В-третьих, но не в последнюю очередь, – за пределами издания остается поэт, чье имя украшает титульный лист книги. Как и в подавляющем большинстве аналогичных сборников, «поэты пушкинской поры» являются нам в отсутствие Пушкина. Только ли устойчивая традиция обеспечивает такое парадоксальное положение дела? Видимо, все-таки нет. Размышляя о «многократном и противоречивом осмыслении» пушкинского творчества современниками и литературными потомками, Ю. Н. Тынянов писал: «Самая природа оценок, доходящая до того, что любое литературное поколение либо борется с Пушкиным, либо зачисляет его в свои ряды по какому-либо одному признаку, либо, наконец, пройдя вначале первый этап, кончает последним, – предполагает особые основы для этого в самом творчестве». Природа пушкинского дара обусловила совершенно особенную роль «первого поэта», «певца самодержавного» (удачное выражение поэта Ф. А. Туманского). Пушкин не похож ни на одного из героев этой книги, но в каждом из них мы угадываем некоторые пушкинские черты, вне зависимости от того, усвоил ли их Пушкин, овладев опытом старшего собрата, или щедро поделился ими с собратом младшим. Конфликтность, характеризующая творческие отношения Пушкина с некоторыми его современниками, не отменяет, но парадоксальным образом укрепляет эту зависимость. В иных случаях (например, отношения Катенина и подавляющего большинства поэтов пушкинского поколения) Пушкин оказывается единственной точкой соприкосновения, казалось бы, непримиримых антагонистов. В иных взаимное творческое тяготение поэтов (например, молодых Дельвига и Кюхельбекера, зрелых Дениса Давыдова и Языкова) позволяет яснее увидеть «противопушкинские» тенденции их художественных систем. Наконец, нередко поэты, вроде бы сознательно выбравшие стезю, отличную от пушкинской (например, «гражданственный» путь Рылеева или «балладно-элегический», в духе Жуковского, путь Козлова), в собственно стихотворческой практике оказываются «пушкиньянцами» в куда большей мере, чем можно было бы предположить по их декларациям.

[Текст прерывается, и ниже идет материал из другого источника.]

(* For every $p>1$, $$\mathrm{ZZ}\ \ge\ C_p^{(1)}:=\frac12\int_0^\infty V\Big\{\int_{-\infty}^{\infty}{\rm E}\Big[\big(f_{\phi|\mathbf{x}}(\varphi|\mathbf{x})^{\frac{1}{1-p}}+f_{\phi|\mathbf{x}}(\varphi+h|\mathbf{x})^{\frac{1}{1-p}}\big)^{1-p}\Big]d\varphi\Big\}(h)\,h\,dh$$ and $$\mathrm{ZZ}\ \ge\ C_p^{(2)}:=\frac12\int_0^\infty V\Big\{\int_{-\infty}^{\infty}{\rm E}\Big[f_{\phi|\mathbf{x}}(\varphi|\mathbf{x})+f_{\phi|\mathbf{x}}(\varphi+h|\mathbf{x})-\big(f_{\phi|\mathbf{x}}(\varphi|\mathbf{x})^{\frac{p}{p-1}}+f_{\phi|\mathbf{x}}(\varphi+h|\mathbf{x})^{\frac{p}{p-1}}\big)^{\frac{p-1}{p}}\Big]d\varphi\Big\}(h)\,h\,dh,$$ where the expectations are over the marginal law of $\mathbf{x}$. Consequently, combined with the extended Ziv–Zakai bound ${\rm E}[|\hat\phi(\mathbf{x})-\phi|^2]\ge \mathrm{ZZ}$, every estimator $\hat\phi$ satisfies ${\rm E}[|\hat\phi(\mathbf{x})-\phi|^2]\ge\max(C_p^{(1)},C_p^{(2)})$ for all $p>1$.
   Context: A continuous scalar random parameter $\phi$ has prior density $f_\phi$, and the observation $\mathbf{x}$ (continuous, with conditional density $f_{\mathbf{x}|\phi}(\mathbf{x}|\varphi)$) has posterior density $f_{\phi|\mathbf{x}}(\cdot|\mathbf{x})$; assume the posterior density is positive. For $\varphi\in\mathbb{R}$, $h>0$, $P_{\min}(\varphi,\varphi+h)$ is the minimum (MAP) probability of error of the binary test $H_0:\mathbf{x}\sim f_{\mathbf{x}|\phi}(\cdot|\varphi)$ versus $H_1:\mathbf{x}\sim f_{\mathbf{x}|\phi}(\cdot|\varphi+h)$ with priors $P(H_0)=\frac{f_\phi(\varphi)}{f_\phi(\varphi)+f_\phi(\varphi+h)}$, $P(H_1)=1-P(H_0)$. The valley-filling operator is $(Vg)(h)=\sup_{\xi\ge0}g(h+\xi)$. The (extended Ziv–Zakai) quantity is $\mathrm{ZZ}=\frac12\int_0^\infty V\big\{\int_{-\infty}^\infty (f_\phi(\varphi)+f_\phi(\varphi+h))P_{\min}(\varphi,\varphi+h)\,d\varphi\big\}(h)\,h\,dh$. *)

From HB Require Import structures.
From mathcomp Require Import all_boot all_order all_algebra.
From mathcomp Require Import all_classical all_reals all_analysis.
Set Implicit Arguments. Unset Strict Implicit. Unset Printing Implicit Defensive.
Import Order.TTheory GRing.Theory Num.Theory.
Import numFieldNormedType.Exports.
Local Open Scope classical_set_scope.
Local Open Scope ring_scope.

Section ZZDefs.
Context {R : realType} {d : measure_display} {T : measurableType d}.
Variable mu : {measure set T -> \bar R}.  (* reference measure for x *)
Variable fphi : R -> R.
Variable fx : T -> R -> R.                 (* fx x v = f_{x|phi}(x|v) *)

Local Notation leb := (@lebesgue_measure R).

Definition marg (x : T) : R :=
  fine (\int[leb]_v (fphi v * fx x v)%:E)%E.

Definition post (x : T) (v : R) : R := fphi v * fx x v / marg x.

Definition Emarg (q : T -> R) : \bar R := (\int[mu]_x (marg x * q x)%:E)%E.

(* minimum probability of error of the binary test
   H0 : x ~ fx(.|v) vs H1 : x ~ fx(.|v+h), with priors
   P(H0) = fphi v/(fphi v + fphi(v+h)), P(H1) = 1 - P(H0);
   infimum over all (measurable) decision regions A = {decide H1}. *)
Definition Pmin (v h : R) : \bar R :=
  let pi0 := fphi v / (fphi v + fphi (v + h)) in
  let pi1 := 1 - pi0 in
  ereal_inf [set (pi0%:E * \int[mu]_(x in A) (fx x v)%:E
                 + pi1%:E * \int[mu]_(x in ~` A) (fx x (v + h))%:E)%E
            | A in [set A : set T | measurable A]].

Definition valley (g : R -> \bar R) (h : R) : \bar R :=
  ereal_sup [set g (h + xi) | xi in [set xi : R | 0 <= xi]].

Definition ZZform (g : R -> \bar R) : \bar R :=
  (((2^-1 : R)%:E) * \int[leb]_(h in [set h : R | (0 <= h)%R]) (valley g h * (h%:E)%R))%E.

Definition ZZ : \bar R :=
  ZZform (fun h => \int[leb]_v ((fphi v + fphi (v + h))%:E * Pmin v h))%E.

Definition Cp1 (p : R) : \bar R :=
  ZZform (fun h => \int[leb]_v
    Emarg (fun x => powR (powR (post x v) (1 / (1 - p))
                          + powR (post x (v + h)) (1 / (1 - p))) (1 - p))%R)%E.

Definition Cp2 (p : R) : \bar R :=
  ZZform (fun h => \int[leb]_v
    Emarg (fun x => post x v + post x (v + h)
             - powR (powR (post x v) (p / (p - 1))
                     + powR (post x (v + h)) (p / (p - 1))) ((p - 1) / p))%R)%E.

Definition MSE (est : T -> R) : \bar R :=
  (\int[leb]_v \int[mu]_x (fphi v * fx x v * (est x - v) ^+ 2)%:E)%E.

End ZZDefs.

From HB Require Import structures.
From mathcomp Require Import all_boot all_order all_algebra.
From mathcomp Require Import all_classical all_reals all_analysis.
From mathcomp Require Import measurable_realfun.
Set Implicit Arguments. Unset Strict Implicit. Unset Printing Implicit Defensive.
Import Order.TTheory GRing.Theory Num.Theory.
Import numFieldNormedType.Exports.
Local Open Scope classical_set_scope.
Local Open Scope ring_scope.

(* Scaled by f_phi(v) + f_phi(v+h), the Bayes risk of a decision region A for the
   test f(.|v) against f(.|v+h) is E[post(v|x) 1_A(x) + post(v+h|x) 1_{~A}(x)],
   the expectation being under the marginal law of x.  Hence every function of x
   bounded by both posteriors has expectation at most
   (f_phi(v) + f_phi(v+h)) Pmin(v, v+h).  The integrands of C_p^(1) and C_p^(2)
   are such functions, being below the minimum of their two arguments, and
   integration in v, valley filling and integration against h dh are monotone. *)

(* No measurability is needed: the integral of f is at most that of its
   nonnegative part. *)
Lemma le_integral_nnegr (d : measure_display) (T : measurableType d)
    (R : realType) (mu : {measure set T -> \bar R}) (D : set T)
    (f g : T -> \bar R) :
  (forall x, D x -> (0 <= g x)%E) -> (forall x, D x -> (f x <= g x)%E) ->
  (\int[mu]_(x in D) f x <= \int[mu]_(x in D) g x)%E.
Proof.
move=> g0 fg; rewrite [X in (X <= _)%E]integralE.
apply: (@le_trans _ _ (\int[mu]_(x in D) f^\+ x)%E).
  rewrite -[X in (_ <= X)%E]sube0 leeB //.
  by apply: integral_ge0 => x _; exact: funeneg_ge0.
rewrite !ge0_integralE; last 2 first.
- exact: g0.
- by move=> x _; exact: funepos_ge0.
apply: ereal_sup_le => _ [s sf <-]; exists s => //= x.
apply: (le_trans (sf x)); rewrite /patch; case: ifP => // /[1!inE] Dx.
by rewrite funeposE ge_max fg //= g0.
Qed.

Lemma powR_sum_invexp_le (R : realType) (a b p : R) : 0 < a -> 0 <= b -> 1 < p ->
  powR (powR a (1 / (1 - p)) + powR b (1 / (1 - p))) (1 - p) <= a.
Proof.
move=> a_gt0 b_ge0 p_gt1; set r := 1 / (1 - p).
have p1_neq0 : 1 - p != 0 by rewrite subr_eq0 eq_sym gt_eqF.
have ar_gt0 : 0 < powR a r by exact: powR_gt0.
have le_ar_sum : powR a r <= powR a r + powR b r by rewrite lerDl powR_ge0.
have -> : 1 - p = - (p - 1) by rewrite opprB.
have {2}-> : a = (powR (powR a r) (p - 1))^-1.
  by rewrite -powRN opprB -powRrM /r mul1r mulVf // powRr1 // ltW.
rewrite powRN lef_pV2 ?posrE ?powR_gt0 ?(lt_le_trans ar_gt0 le_ar_sum) //.
by apply: ge0_ler_powR le_ar_sum; rewrite ?nnegrE ?subr_ge0 ?addr_ge0 ?powR_ge0 ?ltW.
Qed.

Lemma sub_powR_sum_le (R : realType) (a b p : R) : 0 <= a -> 0 <= b -> 1 < p ->
  a + b - powR (powR a (p / (p - 1)) + powR b (p / (p - 1))) ((p - 1) / p) <= a.
Proof.
move=> a_ge0 b_ge0 p_gt1; have p_gt0 : 0 < p := lt_trans ltr01 p_gt1.
rewrite lerBlDr lerD2l.
have conjK : p / (p - 1) * ((p - 1) / p) = 1.
  by rewrite mulrA divfK ?mulfV ?gt_eqF // subr_gt0.
have {1}-> : b = powR (powR b (p / (p - 1))) ((p - 1) / p).
  by rewrite -powRrM conjK powRr1.
apply: ge0_ler_powR; rewrite ?nnegrE ?powR_ge0 ?addr_ge0 ?lerDr ?powR_ge0 //.
by rewrite divr_ge0 ?subr_ge0 ?ltW.
Qed.

Lemma le_ZZform (R : realType) (g1 g2 : R -> \bar R) :
  (forall h, (0 <= g2 h)%E) -> (forall h, (g1 h <= g2 h)%E) ->
  (ZZform g1 <= ZZform g2)%E.
Proof.
move=> g2_ge0 le_g12; apply: lee_wpmul2l; first by rewrite lee_fin invr_ge0.
have valley_ge0 h : (0 <= valley g2 h)%E.
  apply: (le_trans (g2_ge0 h)); apply: ereal_sup_ubound.
  by exists 0; rewrite /= ?addr0.
apply: le_integral_nnegr => h /= h_ge0.
  by rewrite mule_ge0 ?lee_fin.
apply: lee_wpmul2r; first by rewrite lee_fin.
apply: ge_ereal_sup => _ [xi xi_ge0 <-].
by apply: (le_trans (le_g12 _)); apply: ereal_sup_ubound; exists xi.
Qed.

Section BayesRisk.
Variables (R : realType) (d : measure_display) (T : measurableType d).
Variables (mu : {measure set T -> \bar R}) (fphi : R -> R) (fx : T -> R -> R).
Hypothesis fphi_gt0 : forall v, 0 < fphi v.
Hypothesis fx_ge0 : forall x v, 0 <= fx x v.
Hypothesis mfx : measurable_fun setT (fun z : T * R => fx z.1 z.2).
Hypothesis post_gt0 : forall x v, 0 < post fphi fx x v.

Let fphi_ge0 v : 0 <= fphi v := ltW (fphi_gt0 v).

Lemma measurable_fx v : measurable_fun setT (fx ^~ v).
Proof. exact: (measurableT_comp mfx (pair2_measurable v)). Qed.

Lemma marg_gt0 x : 0 < marg fphi fx x.
Proof.
rewrite lt_neqAle fine_ge0 ?andbT; last first.
  by apply: integral_ge0 => w _; rewrite lee_fin mulr_ge0.
by apply/eqP => m0; have := post_gt0 x 0; rewrite /post -m0 invr0 mulr0 ltxx.
Qed.

Lemma marg_postE x v : marg fphi fx x * post fphi fx x v = fphi v * fx x v.
Proof. by rewrite /post mulrC divfK // gt_eqF // marg_gt0. Qed.

Lemma Emarg_le_region_risk v h (q : T -> R) (A : set T) : measurable A ->
  (forall x, q x <= post fphi fx x v) ->
  (forall x, q x <= post fphi fx x (v + h)) ->
  (Emarg mu fphi fx q <= \int[mu]_(x in A) (fphi v * fx x v)%:E
                         + \int[mu]_(x in ~` A) (fphi (v + h) * fx x (v + h))%:E)%E.
Proof.
move=> mA le_qv le_qvh.
pose risk x := fphi v * fx x v * \1_A x + fphi (v + h) * fx x (v + h) * \1_(~` A) x.
have risk_ge0 x : (0 <= (risk x)%:E)%E.
  by rewrite lee_fin addr_ge0 // !mulr_ge0 // indicE ler0n.
have mrisk : measurable_fun setT (EFin \o risk).
  apply/measurable_EFinP; apply: measurable_funD; apply: measurable_funM.
  - exact/measurable_funM/measurable_fx.
  - exact: measurable_indic.
  - exact/measurable_funM/measurable_fx.
  - exact/measurable_indic/measurableC.
rewrite (eq_integral (EFin \o risk)); last first.
  by move=> x /[1!inE] xA; rewrite /risk /= !indicE mem_set // memNset ?mulr1 ?mulr0 ?addr0.
rewrite [X in (_ <= _ + X)%E](eq_integral (EFin \o risk)); last first.
  move=> x /[1!inE] xA.
  by rewrite /risk /= !indicE (memNset xA) (mem_set (xA : (~` A) x)) mulr1 mulr0 add0r.
rewrite -ge0_integral_setU ?setUCr ?disj_set2E ?setICr //; last 2 first.
- exact: measurableC.
- by move=> x _; exact: risk_ge0.
apply: le_integral_nnegr => x _; first exact: risk_ge0.
rewrite /risk /= !indicE in_setC.
by case: (x \in A); rewrite /= ?(mulr1, mulr0, addr0, add0r) lee_fin -marg_postE
  ler_pM2l ?marg_gt0.
Qed.

Lemma Emarg_le_Pmin v h (q : T -> R) :
  (forall x, q x <= post fphi fx x v) ->
  (forall x, q x <= post fphi fx x (v + h)) ->
  (Emarg mu fphi fx q <= (fphi v + fphi (v + h))%:E * Pmin mu fphi fx v h)%E.
Proof.
move=> le_qv le_qvh; rewrite /Pmin /=.
set a := fphi v; set b := fphi (v + h).
have ab_gt0 : 0 < a + b := addr_gt0 (fphi_gt0 _) (fphi_gt0 _).
have scale_pi0 : (a + b) * (a / (a + b)) = a by rewrite mulrC divfK // gt_eqF.
have scale_pi1 : (a + b) * (1 - a / (a + b)) = b.
  by rewrite mulrBr mulr1 scale_pi0 addrC addKr.
rewrite -lee_pdivrMl //.
apply/ereal_infP => _ [A mA <-].
have pi0_ge0 : 0 <= a / (a + b) := divr_ge0 (fphi_ge0 _) (ltW ab_gt0).
have pi1_ge0 : 0 <= 1 - a / (a + b) by rewrite -(pmulr_rge0 _ ab_gt0) scale_pi1; exact: fphi_ge0.
have mfxA w : measurable_fun A (fun x => (fx x w)%:E).
  exact/measurable_EFinP/measurable_funS/measurable_fx.
have mfxAC w : measurable_fun (~` A) (fun x => (fx x w)%:E).
  exact/measurable_EFinP/measurable_funS/measurable_fx.
rewrite lee_pdivrMl // ge0_muleDr ?mule_ge0 ?integral_ge0 ?lee_fin //.
rewrite !muleA -!EFinM scale_pi0 scale_pi1.
rewrite -!ge0_integralZl_EFin //; first exact: Emarg_le_region_risk.
- exact: measurableC.
all: by [move=> x _; rewrite lee_fin fx_ge0 | exact: fphi_ge0].
Qed.

Lemma Pmin_ge0 v h : (0 <= Pmin mu fphi fx v h)%E.
Proof.
have ab_gt0 : 0 < fphi v + fphi (v + h) := addr_gt0 (fphi_gt0 _) (fphi_gt0 _).
have pi1_ge0 : 0 <= 1 - fphi v / (fphi v + fphi (v + h)).
  by rewrite subr_ge0 ler_pdivrMr // mul1r lerDl.
apply/ereal_infP => _ [A mA <-].
by rewrite adde_ge0 // mule_ge0 ?lee_fin ?divr_ge0 ?(ltW ab_gt0) ?integral_ge0
  // => x _; rewrite lee_fin.
Qed.

Lemma ZZform_Emarg_le_ZZ (q : R -> R -> T -> R) :
  (forall h v x, q h v x <= post fphi fx x v) ->
  (forall h v x, q h v x <= post fphi fx x (v + h)) ->
  (ZZform (fun h => \int[lebesgue_measure]_v Emarg mu fphi fx (q h v))
     <= ZZ mu fphi fx)%E.
Proof.
move=> le_qv le_qvh; have risk_ge0 h v :
    (0 <= (fphi v + fphi (v + h))%:E * Pmin mu fphi fx v h)%E.
  by rewrite mule_ge0 ?lee_fin ?addr_ge0 ?Pmin_ge0.
apply: le_ZZform => h; first exact: integral_ge0.
by apply: le_integral_nnegr => v _; last exact: Emarg_le_Pmin.
Qed.

End BayesRisk.

Theorem mainTheorem10 (R : realType) (d : measure_display) (T : measurableType d)
  (mu : {measure set T -> \bar R}) (fphi : R -> R) (fx : T -> R -> R) :
  sigma_finite setT mu ->
  measurable_fun setT fphi ->
  (forall v, 0 <= fphi v) ->
  (\int[@lebesgue_measure R]_v (fphi v)%:E = 1)%E ->
  measurable_fun setT (fun z : T * R => fx z.1 z.2) ->
  (forall x v, 0 <= fx x v) ->
  (forall v, \int[mu]_x (fx x v)%:E = 1)%E ->
  (forall x v, 0 < post fphi fx x v) ->
  forall p : R, 1 < p ->
    (Cp1 mu fphi fx p <= ZZ mu fphi fx)%E /\
    (Cp2 mu fphi fx p <= ZZ mu fphi fx)%E /\
    ((forall est : T -> R, measurable_fun setT est ->
        (ZZ mu fphi fx <= MSE mu fphi fx est)%E) ->
     forall est : T -> R, measurable_fun setT est ->
        (maxe (Cp1 mu fphi fx p) (Cp2 mu fphi fx p) <= MSE mu fphi fx est)%E).
Proof.
move=> _ _ fphi_ge0 _ mfx fx_ge0 fx_int1 post_gt0 p p_gt1.
have [x0 _] : exists x : T, True.
  apply: contrapT => T_empty; move: (fx_int1 0).
  have -> : [set: T] = set0.
    by apply/seteqP; split => // x _; apply: T_empty; exists x.
  by rewrite integral_set0 => /eqP; rewrite eqe eq_sym oner_eq0.
have fphi_gt0 v : 0 < fphi v.
  rewrite lt_neqAle fphi_ge0 andbT eq_sym; apply/eqP => fphi_v0.
  by have := post_gt0 x0 v; rewrite /post fphi_v0 !mul0r ltxx.
have post_ge0 x v : 0 <= post fphi fx x v := ltW (post_gt0 x v).
have Cp1_le : (Cp1 mu fphi fx p <= ZZ mu fphi fx)%E.
  apply: (ZZform_Emarg_le_ZZ mu fphi_gt0 fx_ge0 mfx post_gt0
    (q := fun h v x => powR (powR (post fphi fx x v) (1 / (1 - p))
                  + powR (post fphi fx x (v + h)) (1 / (1 - p))) (1 - p))) => h v x.
    exact: powR_sum_invexp_le (post_gt0 x v) (post_ge0 x _) p_gt1.
  rewrite addrC; exact: powR_sum_invexp_le (post_gt0 x _) (post_ge0 x v) p_gt1.
have Cp2_le : (Cp2 mu fphi fx p <= ZZ mu fphi fx)%E.
  apply: (ZZform_Emarg_le_ZZ mu fphi_gt0 fx_ge0 mfx post_gt0
    (q := fun h v x => post fphi fx x v + post fphi fx x (v + h)
      - powR (powR (post fphi fx x v) (p / (p - 1))
              + powR (post fphi fx x (v + h)) (p / (p - 1))) ((p - 1) / p))) => h v x.
    exact: sub_powR_sum_le (post_ge0 x v) (post_ge0 x _) p_gt1.
  rewrite [X in X - _]addrC [X in powR X _]addrC.
  exact: sub_powR_sum_le (post_ge0 x _) (post_ge0 x v) p_gt1.
split; first exact: Cp1_le.
split; first exact: Cp2_le.
move=> ZZ_le_MSE est mest; rewrite ge_max; apply/andP.
by split; apply: le_trans (ZZ_le_MSE _ mest).
Qed.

Этот таинственный пушкиноцентризм обнаруживается уже в пору вступления лицейского стихотворца в большую литературу. Первые послевоенные годы – время главных успехов «школы гармонической точности», возглавляемой Жуковским и Батюшковым. Это эпоха громкой славы Жуковского, пришедшей к поэту после «Певца во стане русских воинов» и «Светланы», эпоха наиболее напряженной и плодотворной поэтической деятельности Батюшкова (венцом ее стало издание «Опытов в стихах и прозе», 1817), эпоха победы «нового слога», утверждения карамзинистских стилистических (и стоящих за ними культурных) принципов как господствующей нормы. Именно в эти годы значимыми становятся имена поэтов, оказавших существенное влияние на молодого Пушкина, – Дениса Давыдова и Павла Катенина.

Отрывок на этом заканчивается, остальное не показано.